From the entries below, pull out each line where "Import" appears.

[DATA TO EXAMINE]

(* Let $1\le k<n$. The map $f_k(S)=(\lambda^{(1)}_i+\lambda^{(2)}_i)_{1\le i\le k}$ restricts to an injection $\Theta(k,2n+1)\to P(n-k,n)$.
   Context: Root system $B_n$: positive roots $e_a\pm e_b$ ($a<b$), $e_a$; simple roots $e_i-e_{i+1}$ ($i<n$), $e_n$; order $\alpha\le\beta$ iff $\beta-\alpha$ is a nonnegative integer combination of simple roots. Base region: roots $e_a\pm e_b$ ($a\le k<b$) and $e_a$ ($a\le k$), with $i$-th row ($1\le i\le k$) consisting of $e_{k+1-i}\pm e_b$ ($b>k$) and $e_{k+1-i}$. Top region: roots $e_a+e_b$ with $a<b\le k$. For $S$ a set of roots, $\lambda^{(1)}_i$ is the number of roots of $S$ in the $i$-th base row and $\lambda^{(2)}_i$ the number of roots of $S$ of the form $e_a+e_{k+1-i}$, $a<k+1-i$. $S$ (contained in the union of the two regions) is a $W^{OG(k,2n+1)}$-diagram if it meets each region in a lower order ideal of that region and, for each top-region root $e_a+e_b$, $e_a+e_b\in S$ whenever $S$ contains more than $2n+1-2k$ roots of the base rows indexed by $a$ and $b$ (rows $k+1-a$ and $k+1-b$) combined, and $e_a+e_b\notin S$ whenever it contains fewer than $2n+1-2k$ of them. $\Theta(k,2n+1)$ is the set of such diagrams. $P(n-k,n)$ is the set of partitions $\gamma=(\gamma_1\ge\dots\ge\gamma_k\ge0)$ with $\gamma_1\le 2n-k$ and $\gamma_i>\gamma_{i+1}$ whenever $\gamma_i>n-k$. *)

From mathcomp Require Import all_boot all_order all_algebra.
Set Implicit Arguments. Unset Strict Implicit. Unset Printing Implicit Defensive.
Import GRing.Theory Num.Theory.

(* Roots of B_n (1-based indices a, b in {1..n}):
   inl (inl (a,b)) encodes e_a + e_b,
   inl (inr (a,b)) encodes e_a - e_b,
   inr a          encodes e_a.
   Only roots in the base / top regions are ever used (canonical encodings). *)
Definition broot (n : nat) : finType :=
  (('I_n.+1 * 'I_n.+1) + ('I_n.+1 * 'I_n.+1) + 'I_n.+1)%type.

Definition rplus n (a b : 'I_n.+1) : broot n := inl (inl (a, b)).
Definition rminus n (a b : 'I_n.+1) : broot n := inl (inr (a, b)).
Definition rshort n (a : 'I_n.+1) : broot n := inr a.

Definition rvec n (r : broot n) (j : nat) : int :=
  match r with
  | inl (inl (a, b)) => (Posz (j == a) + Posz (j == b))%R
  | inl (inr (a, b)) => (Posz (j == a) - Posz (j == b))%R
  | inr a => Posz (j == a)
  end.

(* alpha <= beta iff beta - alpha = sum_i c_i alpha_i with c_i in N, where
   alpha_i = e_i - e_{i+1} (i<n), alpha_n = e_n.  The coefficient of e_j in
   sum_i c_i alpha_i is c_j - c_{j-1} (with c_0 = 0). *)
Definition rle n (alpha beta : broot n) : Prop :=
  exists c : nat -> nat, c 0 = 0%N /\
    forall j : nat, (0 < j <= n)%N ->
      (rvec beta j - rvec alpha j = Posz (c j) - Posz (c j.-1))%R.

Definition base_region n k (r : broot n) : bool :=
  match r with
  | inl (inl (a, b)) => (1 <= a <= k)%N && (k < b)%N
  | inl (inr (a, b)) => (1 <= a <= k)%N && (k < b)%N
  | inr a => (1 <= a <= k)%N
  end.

[/DATA TO EXAMINE]

- ANSWER SPACE:
From mathcomp Require Import all_boot all_order all_algebra.
Import GRing.Theory Num.Theory.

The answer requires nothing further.